Но Мате попросил его не придираться к словам: удвоение куба, как и всякая задача, имеет свою историю.

В IV веке до нашей эры на острове Де́лос в городе Де́льфах вспыхнула эпидемия чумы. Что в таких случаях думают древние люди? Они думают, что прогневили богов, и, естественно, стараются узнать, каким образом их умилостивить. А посему делийцы обратились за советом к знаменитому дельфийскому оракулу, и тот изрек им волю небожителей: бедствие прекратится, когда в дельфийском храме воздвигнут жертвенник, объемом ровно вдвое больше прежнего, причем форма жертвенника — куб — должна оставаться неизменной.

Ознакомясь с задачей, Платон якобы сказал, что боги задали ее в укор и назидание грекам, которые мало думают о математике и пренебрегают геометрией.

— Стало быть, задача показалась ему очень трудной, — заключил Фило. — Но почему? Увеличьте ребро куба в два раза — вот вам и удвоение.

Мате сказал, что решение поистине царское, потому что именно так пытался решить задачу об удвоении куба критский царь Мино́с. При этом объем получился у него не в два, а в восемь раз больше прежнего, так как объем куба равен кубу его ребра, а два в кубе вроде бы восемь… Но Фило тут же сообразил, что длину ребра можно найти и другим способом. Допустим, объем прежнего куба равен единице. Тогда объем нового должен быть равен двум. Значит, извлеките корень кубический из двух, и дело в шляпе.

На сей раз Мате признал, что Фило рассуждает правильно, но вот беда: извлечь корень кубический из двух можно только приближенно. Ведь это число иррациональное, иначе — несоизмеримое с единицей!

— Ничего, — не сдавался Фило, — можно небось подобрать и такую длину ребра, чтобы корень извлекался. Пусть, например, ребро куба равно двум. Тогда объем будет равен восьми, а удвоенный объем — шестнадцати. Извлечем корень кубический из шестнадцати…

— И снова получим иррациональное число. Ведь что такое шестнадцать? Это восемь, умноженное на два. Из восьми корень кубический извлекается, а из двух — нет. А так как при удвоении множитель два под корнем неизбежен, значит, подобрать длину ребра, которая была бы числом рациональным, нельзя:


3√16 = 3√(8×2). 3√8=2; 3√2 ≈ 1,26.

— Странно, странно и в третий раз странно. Выходит, удвоение куба вообще невозможно?

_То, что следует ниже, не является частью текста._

(* Let $\gamma_1,\dots,\gamma_r>0$, and let $\mu:[0,\infty)\to\mathbb{R}$ be Lipschitz continuous with $\mu(t)\ge0$ for all $t\ge0$. Let $\varphi(t)$ solve $\dot\varphi=A_\gamma\varphi+B\mu(t)$ and set $\Delta\varphi(t)=\varphi(t)-\Gamma\mu(t)$. Then $\Delta\varphi(\cdot)$ stays bounded on $[0,\infty)$.
   Context: $A_\gamma$ is the $r\times r$ matrix with diagonal entries $-\gamma_1,\dots,-\gamma_r$, entries $1$ on the superdiagonal, and zeros elsewhere; $B=[0,\dots,0,1]^\top\in\mathbb{R}^r$; $\Gamma=-A_\gamma^{-1}B=[(\gamma_1\cdots\gamma_r)^{-1},(\gamma_2\cdots\gamma_r)^{-1},\dots,\gamma_r^{-1}]^\top$. *)

From HB Require Import structures.
From mathcomp Require Import all_boot all_order all_algebra.
From mathcomp Require Import all_classical all_reals all_analysis.
Set Implicit Arguments. Unset Strict Implicit. Unset Printing Implicit Defensive.
Import Order.TTheory GRing.Theory Num.Theory.
Import numFieldNormedType.Exports.
Local Open Scope ring_scope.

Definition Agamma (R : pzRingType) (r : nat) (g : 'I_r -> R) : 'M[R]_r :=
  \matrix_(i < r, j < r)
    (if i == j then - g i else if (j : nat) == i.+1 then 1 else 0).

Definition Bvec (R : pzRingType) (r : nat) : 'cV[R]_r :=
  \col_(i < r) (if i.+1 == r then 1 else 0).

Definition Gammavec (R : fieldType) (r : nat) (g : 'I_r -> R) : 'cV[R]_r :=
  - (invmx (Agamma g) *m Bvec R r).

From HB Require Import structures.
From mathcomp Require Import all_boot all_order all_algebra.
From mathcomp Require Import all_classical all_reals all_analysis.
From mathcomp Require Import ring lra.
Import Order.TTheory GRing.Theory Num.Theory.
Import numFieldNormedType.Exports.
Local Open Scope ring_scope.
Local Open Scope classical_set_scope.

(* Coordinatewise the system reads phi_i' = phi_(i+1) - gamma_i phi_i, with
   phi_(r+1) := mu, and gamma_i Gamma_i = Gamma_(i+1), with Gamma_(r+1) := 1.
   Each coordinate is thus a first-order lag y' = f - gamma y driven by f.  If f
   is Lipschitz from the left with constant L, the gap gamma y - f never exceeds
   |gamma y(0) - f(0)| + L/gamma: where the gap attains a larger maximum at
   c > 0, y decreases at rate more than L/gamma, which f cannot compensate, so
   the gap is even larger just before c.  A bounded gap bounds y', so y is
   Lipschitz in turn, and backward induction from i = r bounds every
   phi_i - Gamma_i mu, hence Delta phi. *)

Lemma is_derive_quotientP {R : numFieldType} {V : normedModType R}
    (F : R -> V) (t : R) (D : V) :
  is_derive t 1 F D <-> (fun h : R => h^-1 *: (F (h + t) - F t)) @ 0^' --> D.
Proof.
have -> : (fun h : R => h^-1 *: (F (h + t) - F t)) =
    (fun h : R => h^-1 *: ((F \o shift t) (h *: 1) - F t)).
  by apply/funext => h /=; rewrite [h%:A]mulr1.
split=> [FD | FD].
  rewrite -(@derive_val _ _ _ _ _ _ _ FD); exact: (@ex_derive _ _ _ _ _ _ _ FD).
by apply: DeriveDef; [apply/cvg_ex; exists D | exact: cvg_lim FD].
Qed.

Lemma is_derive_coord {R : numFieldType} {m n} {F : R -> 'M[R]_(m, n)} {t : R}
    {D : 'M[R]_(m, n)} (i : 'I_m) (j : 'I_n) :
  is_derive t 1 F D -> is_derive t 1 (fun s => F s i j) (D i j).
Proof.
move=> /is_derive_quotientP FD; apply/is_derive_quotientP.
have -> : (fun h : R => h^-1 *: (F (h + t) i j - F t i j)) =
    (fun M : 'M[R]_(m, n) => M i j) \o (fun h => h^-1 *: (F (h + t) - F t)).
  by apply/funext => h /=; rewrite !mxE.
exact: cvg_comp FD (@coord_continuous R m n i j D).
Qed.

Definition left_lipschitz {R : realType} (L : R) (f : R -> R) :=
  forall t, 0 < t -> \forall h \near 0^'+, `|f (t - h) - f t| <= L * h.

Section LeftLipschitz.
Context {R : realType}.
Implicit Types (y f : R -> R) (k M s t : R).

Lemma is_derive_left_lt {y} {c d b : R} : is_derive c 1 y d -> d < b ->
  \forall h \near 0^'+, y c - y (c - h) < b * h.
Proof.
move=> yd db.
have dq := (is_derive_quotientP _ _ _).1 yd.
have := @cvgr_lt R _ _ _ _ _ (cvg_dnbhs_at_left dq) b db.
move=> /(_ (at_left_proper_filter 0)); rewrite -nbhs_right_leftP oppr0 => dq_lt.
near=> h.
have h0 : 0 < h by near: h; exact: nbhs_right_gt.
have := near dq_lt h; rewrite /= invrN scaleNr -scalerN opprB (addrC (- h)).
by rewrite -[_ *: _]/(_ * _) mulrC ltr_pdivrMr // => ->.
Unshelve. all: by end_near. Qed.

Lemma is_derive_left_lipschitz {y} {c d b : R} : is_derive c 1 y d -> `|d| < b ->
  \forall h \near 0^'+, `|y (c - h) - y c| <= b * h.
Proof.
move=> yd; rewrite ltr_norml => /andP[nbd db].
have yd_lt := is_derive_left_lt yd db.
have /(is_derive_left_lt (is_deriveN yd)) Nyd_lt : - d < b by rewrite ltrNl.
near=> h; rewrite ler_norml; apply/andP; split.
  by rewrite lerNl opprB ltW //; near: h.
rewrite ltW //; near: h; apply: filterS Nyd_lt => h /=.
by rewrite opprK addrC.
Unshelve. all: by end_near. Qed.

Lemma bounded_derive_left_lipschitz y (d : R -> R) M :
  (forall t, 0 < t -> is_derive t 1 y (d t)) -> (forall t, 0 < t -> `|d t| <= M) ->
  left_lipschitz (M + 1) y.
Proof.
move=> yd dM t t0; apply: is_derive_left_lipschitz (yd t t0) _.
by rewrite (le_lt_trans (dM t t0)) // ltrDl.
Qed.

Lemma lipschitz_within_continuous (A : set R) f k :
  (forall s t, A s -> A t -> `|f s - f t| <= k * `|s - t|) -> {within A, continuous f}.
Proof.
move=> f_lip; apply/subspace_continuousP => s As.
have k1_gt0 : 0 < `|k| + 1 by rewrite ltr_pwDr.
apply/cvgrPdist_le => e e0; rewrite near_withinE; near=> t => At.
apply: le_trans (f_lip s t As At) _.
apply: (@le_trans _ _ ((`|k| + 1) * `|s - t|)).
  by rewrite ler_wpM2r // (le_trans (ler_norm k)) // lerDl.
rewrite -ler_pdivlMl //; near: t.
by apply: cvgr_dist_le; [exact: cvg_id | rewrite mulr_gt0 ?invr_gt0].
Unshelve. all: by end_near. Qed.

Lemma lipschitz_left_lipschitz f k :
  (forall s t, 0 <= s -> 0 <= t -> `|f s - f t| <= k * `|s - t|) -> left_lipschitz k f.
Proof.
move=> f_lip t t0; near=> h.
have h0 : 0 < h by near: h; exact: nbhs_right_gt.
have ht : h <= t by near: h; exact: nbhs_right_le.
apply: le_trans (f_lip _ _ _ (ltW t0)) _; first by rewrite subr_ge0.
by rewrite addrAC subrr add0r normrN gtr0_norm.
Unshelve. all: by end_near. Qed.
End LeftLipschitz.

Section FirstOrderLag.
Context {R : realType}.
Variables (gam L : R) (y f : R -> R).
Implicit Types t : R.
Hypotheses (gam_gt0 : 0 < gam) (L_ge0 : 0 <= L).
Hypotheses (y_cont : {within `[0, +oo[, continuous y})
  (f_cont : {within `[0, +oo[, continuous f}).
Hypothesis y_ode : forall t, 0 < t -> is_derive t 1 y (f t - gam * y t).
Hypothesis f_lip : left_lipschitz L f.

Let z t := gam * y t - f t.

Lemma lag_gap_le t : 0 <= t -> z t <= `|z 0| + L / gam.
Proof.
move=> t0.
have bound_ge : z 0 <= `|z 0| + L / gam.
  by rewrite -[leLHS]addr0 lerD ?real_ler_norm ?num_real // divr_ge0 // ltW.
have z_cont : {within `[0, t], continuous z}.
  apply: continuous_subspaceW (_ : `[0, t] `<=` `[0, +oo[) _.
    by move=> s; rewrite /= !in_itv /= => /andP[->].
  by move=> s; apply: cvgB; [apply: cvgMl_tmp; exact: y_cont | exact: f_cont].
have [c c_in zmax] := EVT_max t0 z_cont.
apply: le_trans (zmax t _) _; first by rewrite in_itv /= t0 lexx.
move: c_in; rewrite in_itv /= => /andP[c0 ct].
have [-> //|c_neq0] := eqVneq c 0.
have c_gt0 : 0 < c by rewrite lt_def c_neq0.
rewrite leNgt; apply/negP => zc_big.
have : f c - gam * y c < - (L / gam).
  by rewrite -opprB ltrN2 (le_lt_trans _ zc_big) // lerDr.
move=> /(is_derive_left_lt (y_ode c c_gt0)) y_drop.
near (0 : R)^'+ => h.
have h_gt0 : 0 < h by near: h; exact: nbhs_right_gt.
have h_le_c : h <= c by near: h; exact: nbhs_right_le.
have : z c < z (c - h).
  have dy : y c - y (c - h) < - (L / gam) * h by near: h.
  have df : `|f (c - h) - f c| <= L * h by near: h; exact: f_lip c c_gt0.
  have gam_dy : L * h < gam * (y (c - h) - y c).
    by rewrite -ltr_pdivrMl // mulrA (mulrC _ L) -opprB ltrNr -mulNr.
  have := le_trans (ler_norm _) df; rewrite /z; lra.
by rewrite ltNge zmax // in_itv /= subr_ge0 h_le_c (le_trans _ ct) // gerBl ltW.
Unshelve. all: by end_near. Qed.
End FirstOrderLag.

Lemma lag_gap_norm_le {R : realType} {gam L : R} {y f : R -> R} :
  0 < gam -> 0 <= L ->
  {within `[0, +oo[, continuous y} -> {within `[0, +oo[, continuous f} ->
  (forall t : R, 0 < t -> is_derive t 1 y (f t - gam * y t)) -> left_lipschitz L f ->
  forall t : R, 0 <= t -> `|gam * y t - f t| <= `|gam * y 0 - f 0| + L / gam.
Proof.
move=> gam_gt0 L_ge0 y_cont f_cont y_ode f_lip t t0.
rewrite ler_norml lag_gap_le // andbT.
have oppE u v : gam * - u - - v = - (gam * u - v) by ring.
have Ny_cont : {within `[0, +oo[, continuous (fun s => - y s)}.
  by move=> s; apply: cvgN; exact: y_cont.
have Nf_cont : {within `[0, +oo[, continuous (fun s => - f s)}.
  by move=> s; apply: cvgN; exact: f_cont.
have Ny_ode (s : R) : 0 < s -> is_derive s 1 (fun s => - y s) (- f s - gam * - y s).
  by move=> s0; apply: is_derive_eq; [exact: is_deriveN (y_ode s s0) | ring].
have Nf_lip : left_lipschitz L (fun s => - f s).
  by move=> s s0; apply: filterS (f_lip s s0) => h; rewrite -opprD normrN.
have := @lag_gap_le R gam L _ _ gam_gt0 L_ge0 Ny_cont Nf_cont Ny_ode Nf_lip t t0.
by rewrite !oppE normrN lerNl.
Qed.

Lemma Agamma_mulmx_coord {R : pzRingType} r (g : 'I_r -> R) (v : 'cV[R]_r) (i : 'I_r) :
  (Agamma g *m v) i ord0 =
    - g i * v i ord0 + (if (i.+1 < r)%N then v (insubd i i.+1) ord0 else 0).
Proof.
rewrite mxE (bigD1 i) //= mxE eqxx; congr (_ + _).
case: ifP => ir.
  have vE : val (insubd i i.+1) = i.+1 by rewrite val_insubd ir.
  rewrite (bigD1 (insubd i i.+1)) /=; last by rewrite -(inj_eq val_inj) vE gtn_eqF.
  rewrite mxE ifN; last by rewrite -(inj_eq val_inj) vE eq_sym gtn_eqF.
  rewrite vE eqxx mul1r big1 ?addr0 // => j /andP[ji jn].
  rewrite mxE eq_sym (negbTE ji) ifN ?mul0r //.
  by apply: contra jn => /eqP jE; apply/eqP/val_inj; rewrite vE.
rewrite big1 // => j ji; rewrite mxE eq_sym (negbTE ji) ifN ?mul0r //.
by apply/eqP => jE; move: (ltn_ord j); rewrite jE ir.
Qed.

Section Gammavec.
Context {R : fieldType} {r : nat} {g : 'I_r -> R}.
Hypothesis g_neq0 : forall i, g i != 0.

Lemma Agamma_unitmx : Agamma g \in unitmx.
Proof.
rewrite unitmxE -det_tr det_trig.
  by rewrite unitfE prodf_seq_neq0; apply/allP => i _ /=; rewrite !mxE eqxx oppr_eq0.
apply/is_trig_mxP => i j ij; rewrite !mxE ifN; last by rewrite neq_ltn ij orbT.
by rewrite ifN //; apply/negP => /eqP jE; move: ij; rewrite jE ltnNge leqnSn.
Qed.

Lemma Agamma_mulmx_Gammavec : Agamma g *m Gammavec g = - Bvec R r.
Proof. by rewrite /Gammavec mulmxN mulmxA mulmxV ?mul1mx // Agamma_unitmx. Qed.

Lemma Gammavec_rec (i : 'I_r) :
  g i * Gammavec g i ord0 =
    if (i.+1 < r)%N then Gammavec g (insubd i i.+1) ord0 else 1.
Proof.
have := congr1 (fun v : 'cV[R]_r => v i ord0) Agamma_mulmx_Gammavec.
rewrite /= Agamma_mulmx_coord [RHS]mxE [Bvec _ _ _ _]mxE mulNr.
case: ltnP => ir.
  by rewrite (ltn_eqF ir) oppr0 => /eqP; rewrite addrC subr_eq0 => /eqP.
have -> : i.+1 == r by rewrite eqn_leq ir ltn_ord.
by rewrite addr0 => /oppr_inj.
Qed.
End Gammavec.

Lemma ord_rev_ind r (P : 'I_r -> Prop) :
  (forall i : 'I_r, ((i.+1 < r)%N -> P (insubd i i.+1)) -> P i) -> forall i, P i.
Proof.
move=> step i; have [n] := ubnP (r - i); elim: n i => // n IH i ri.
apply: step => ir; apply: IH; rewrite val_insubd ir.
by rewrite subnS -ltnS prednK ?subn_gt0.
Qed.

Lemma bounded_fin_family {R : realDomainType} {I : finType} {T : Type}
    {D : T -> Prop} {F : I -> T -> R} :
  (forall i, exists C, forall t, D t -> `|F i t| <= C) ->
  exists2 C, 0 <= C & forall i t, D t -> `|F i t| <= C.
Proof.
move=> /choice[C FC]; exists (\sum_i `|C i|) => [|i t Dt]; first exact: sumr_ge0.
apply: le_trans (FC i t Dt) _; apply: le_trans (ler_norm _) _.
by rewrite (bigD1 i) //= lerDl sumr_ge0.
Qed.

Lemma mx_norm_le {R : realDomainType} m n (A : 'M[R]_(m, n)) (C : R) :
  0 <= C -> (forall i j, `|A i j| <= C) -> `|A| <= C.
Proof.
by move=> C0 AC; rewrite -[leLHS]/(mx_norm _) mx_normrE; apply: bigmax_le => // -[i j] _.
Qed.

Section DeviationFromEquilibrium.
Context {R : realType} {r : nat} {g : 'I_r -> R} {mu : R -> R} {k : R}
  {phi : R -> 'cV[R]_r}.
Hypotheses (g_gt0 : forall i, 0 < g i)
  (mu_lip : forall s t : R, 0 <= s -> 0 <= t -> `|mu s - mu t| <= k * `|s - t|)
  (phi_cont0 : phi x @[x --> 0^'+] --> phi 0)
  (phi_ode : forall t : R, 0 < t ->
     is_derive t 1 phi (Agamma g *m phi t + mu t *: Bvec R r)).

Let y (i : 'I_r) (t : R) := phi t i ord0.
Let G (i : 'I_r) := Gammavec g i ord0.
Let input (i : 'I_r) (t : R) := if (i.+1 < r)%N then y (insubd i i.+1) t else mu t.

Lemma coord_ode i (t : R) : 0 < t -> is_derive t 1 (y i) (input i t - g i * y i t).
Proof.
move=> t0; apply: is_derive_eq; first exact: is_derive_coord i ord0 (phi_ode t t0).
rewrite mxE [in X in _ + X]mxE Agamma_mulmx_coord mxE /input mulNr.
case: ltnP => ir; first by rewrite (ltn_eqF ir) mulr0 addr0 addrC.
have -> : i.+1 == r by rewrite eqn_leq ir ltn_ord.
by rewrite mulr1 addr0 addrC.
Qed.

Lemma coord_cont i : {within `[0, +oo[, continuous (y i)}.
Proof.
apply: derivable_oy_Rcontinuous_within_itvcy; split.
  move=> t; rewrite in_itv /= andbT => t0.
  exact: (@ex_derive _ _ _ _ _ _ _ (coord_ode i t t0)).
exact: cvg_comp phi_cont0 (@coord_continuous R r 1 i ord0 (phi 0)).
Qed.

Lemma mu_cont : {within `[0, +oo[, continuous mu}.
Proof.
apply: (@lipschitz_within_continuous _ _ _ k) => s t /=.
by move=> s0 t0; apply: mu_lip; [move: s0 | move: t0]; rewrite in_itv /= andbT.
Qed.

Lemma input_cont i : {within `[0, +oo[, continuous (input i)}.
Proof. by rewrite /input; case: (i.+1 < r)%N; [exact: coord_cont | exact: mu_cont]. Qed.

Let tracks (i : 'I_r) :=
  (exists C, forall t, 0 <= t -> `|y i t - mu t * G i| <= C) /\
  (exists2 L, 0 <= L & left_lipschitz L (y i)).

Lemma tracks_of_input i :
  (exists2 L, 0 <= L & left_lipschitz L (input i)) ->
  (exists C, forall t, 0 <= t -> `|input i t - mu t * (g i * G i)| <= C) ->
  tracks i.
Proof.
move=> [L L0 input_lip] [C input_dev].
have gi_gt0 := g_gt0 i.
have gap := lag_gap_norm_le gi_gt0 L0 (coord_cont i) (input_cont i) (coord_ode i) input_lip.
set K := _ + L / g i in gap.
have K0 : 0 <= K by rewrite /K addr_ge0 // divr_ge0 // ltW.
split.
  exists ((K + C) / g i) => t t0.
  have -> : y i t - mu t * G i =
      ((g i * y i t - input i t) + (input i t - mu t * (g i * G i))) / g i.
    by field; rewrite gt_eqF.
  rewrite normrM normfV (gtr0_norm gi_gt0) ler_pM2r ?invr_gt0 //.
  by apply: le_trans (ler_normD _ _) _; apply: lerD; [exact: gap | exact: input_dev].
exists (K + 1); first by rewrite addr_ge0.
apply: bounded_derive_left_lipschitz (coord_ode i) _ => t t0.
by rewrite distrC; exact: gap (ltW t0).
Qed.

Lemma coord_tracks i : tracks i.
Proof.
elim/ord_rev_ind: i => i IH; apply: tracks_of_input.
  rewrite /input; case ir : (i.+1 < r)%N; first by have [_] := IH ir.
  exists k; last exact: lipschitz_left_lipschitz.
  by have := mu_lip 1 0 ler01 (lexx 0); rewrite subr0 normr1 mulr1; exact: le_trans.
rewrite /G Gammavec_rec => [|j]; last by rewrite gt_eqF.
rewrite /input; case ir : (i.+1 < r)%N; first by have [[C]] := IH ir; exists C.
by exists 0 => t _; rewrite mulr1 subrr normr0.
Qed.

Lemma coord_deviation_bounded i :
  exists C, forall t, 0 <= t -> `|phi t i ord0 - mu t * Gammavec g i ord0| <= C.
Proof. by have [] := coord_tracks i. Qed.
End DeviationFromEquilibrium.

Theorem lemma1 (R : realType) (r : nat) (g : 'I_r -> R) (mu : R -> R)
    (phi : R -> 'cV[R]_r) :
  (0 < r)%N ->
  (forall i, 0 < g i) ->
  (exists k : R, forall s t : R, 0 <= s -> 0 <= t -> `|mu s - mu t| <= k * `|s - t|) ->
  (forall t : R, 0 <= t -> 0 <= mu t) ->
  (phi x @[x --> 0^'+] --> phi 0) ->
  (forall t : R, 0 < t -> is_derive t 1 phi (Agamma g *m phi t + mu t *: Bvec R r)) ->
  exists M : R, forall t : R, 0 <= t -> `|phi t - mu t *: Gammavec g| <= M.
Proof.
move=> _ g_gt0 [k mu_lip] _ phi_cont0 phi_ode.
have [C C0 dev_le] := bounded_fin_family
  (coord_deviation_bounded g_gt0 mu_lip phi_cont0 phi_ode).
exists C => t t0; apply: mx_norm_le C0 _ => i j.
suff -> : (phi t - mu t *: Gammavec g) i j = phi t i ord0 - mu t * Gammavec g i ord0.
  exact: dev_le.
by rewrite (ord1 j); move: (Gammavec g) => G; rewrite !mxE.
Qed.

— Невозможно с помощью слепой линейки и циркуля. Но есть в геометрии и другие способы. Вместо того чтобы извлекать корень, который нельзя вычислить точно, можно найти длину ребра непосредственно на чертеже. Именно так и поступали древние греки. А так как это работа кропотливая, Эратосфен решил упростить ее и придумал прибор, который находит длину ребра механически.

— Платон, наверное, сказал бы, что Эратосфен сплутовал, — предположил Фило.

— Это вы хорошо заметили, — похвалил Мате. — Эратосфен тоже не сомневался, что Платон бы его по головке не погладил.

— Откуда вы знаете?

— От самого Эратосфена. Он написал сочинение «Платоник», где немалое место занимает задача об удвоении куба. Способы решения обсуждают греческие математики Архи́т, Мене́хм, Эвдо́кс и, конечно, сам Платон. И когда заходит речь о применении механического прибора, Эратосфен, искусно подделываясь под стиль Платона, заставляет его высказать свое неодобрение.

— Знаете, — неожиданно заявил Фило, — по-моему, Платон прав. Людям не следует избавлять себя от необходимости думать.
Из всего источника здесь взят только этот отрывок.